For him this implies a strong distinction between four different kinds of consciousness; animal consciousness, human consciousness, machine consciousness and robot consciousness. For machines, running a formal system, the primitives and the meanings are simply inserted by the human designer; with robots it may be different. Through, as I take it, living a simple robot life they may, if suitably endowed, gradually develop their own primitives and meanings and so attain their own form of consciousness. But there’s a snag…

Robots may be able to develop their own robot primitives and subsequently develop robot understanding. But no robot can ever understand human meanings; they can only interact successfully with humans on the basis of processing whatever human-based primitives and other notions were given…

Different robot experience gives rise to a different form of consciousness. They may also develop free will. Human beings act freely when their Acquired Belief and Knowledge (ABK) over-rides environmental and inherited influences in determining their behaviour; robots can do the same if they acquire an Own Robot Cognitive Architecture, the relevant counterpart. However, again…

A future possible conscious robotic species will not be able to communicate, except on exclusively formal bases, with the then Homo species.

‘then Homo’ because Gelepithis thinks it’s possible that human predecessors to Homo Sapiens would also have had distinct forms of consciousness (and presumably would have suffered similar communication issues).

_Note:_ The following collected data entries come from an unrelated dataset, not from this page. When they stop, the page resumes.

Lemma ncosets_of_cover (L : seq V) (P : V -> Prop) :
  {in L, forall x, P x} -> (forall v, P v -> exists2 x, x \in L & H (v - x)) ->
  exists n, ncosets P H n.
Proof.
have HN a : H a -> H (- a).
  by move=> Ha; rewrite -sub0r; apply: HB => //; rewrite -(subrr a); apply: HB.
have HD a b : H a -> H b -> H (a + b).
  by move=> Ha Hb; rewrite -[b]opprK; apply: HB => //; apply: HN.
elim: L P => [|x L IHL] P LP Lcov.
  exists 0%N, (fun i : 'I_0 => 0); split=> [[]//|]; split=> [[]//|v /Lcov[]//].
case: (classic (exists2 y, y \in L & H (x - y))) => [[y yL Hxy]|xnew].
  apply: IHL => [z zL|v /Lcov[z]]; first by apply: LP; rewrite inE zL orbT.
  rewrite inE => /orP[/eqP->|zL] Hvz; last by exists z.
  by exists y => //; rewrite -[v](subrK x) -addrA; apply: HD.
pose P' v := P v /\ ~ H (v - x).
have [n [f [fP [finj fcov]]]] : exists n, ncosets P' H n.
  apply: IHL => [z zL|v [Pv nHvx]].
    split; first by apply: LP; rewrite inE zL orbT.
    by move=> Hzx; apply: xnew; exists z => //; rewrite -opprB; apply: HN.
  by have [z] := Lcov v Pv; rewrite inE => /orP[/eqP->|zL]; [|exists z].
exists n.+1, (fun i => if unlift ord0 i is Some j then f j else x); split; [|split].
- by move=> i; case: unliftP => [j _|_]; [case: (fP j)|apply: LP; rewrite mem_head].
- move=> i j; case: unliftP => [i' ->|->]; case: unliftP => [j' ->|->] //.
  + by move/finj->.
  + by case: (fP i').
  + by case: (fP j') => _ nH /HN; rewrite opprB.
- move=> v Pv; case: (classic (H (v - x))) => Hvx; first by exists ord0; rewrite unlift_none.
  by have [j] := fcov v (conj Pv Hvx); exists (lift ord0 j); rewrite liftK.
Qed.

Now we all have slightly different experiences and heritage, so Gelepithis’ views might imply that each of our consciousnesses is different. I suppose he believes that intra-species commonality is sufficient to make those differences relatively unimportant, but there should still be some small variation, which is an intriguing thought.

As an empirical matter, we actually manage to communicate rather well with some other species. Dogs don’t have our special language abilities and they don’t share our lineage or experiences to any great degree; yet very good practical understandings are often in place. Perhaps it would be worse with robots, who would not be products of evolution, would not eat or reproduce, and so on. Yet it seems strange to think that as a result their actual consciousness would be radically different?

Gelepithis’ system is based on attention, and robots would surely have a version of that; robot bodies would no doubt be very different from human ones, but surely the basics of proprioception, locomotion, manipulation and motivation would have to have some commonality?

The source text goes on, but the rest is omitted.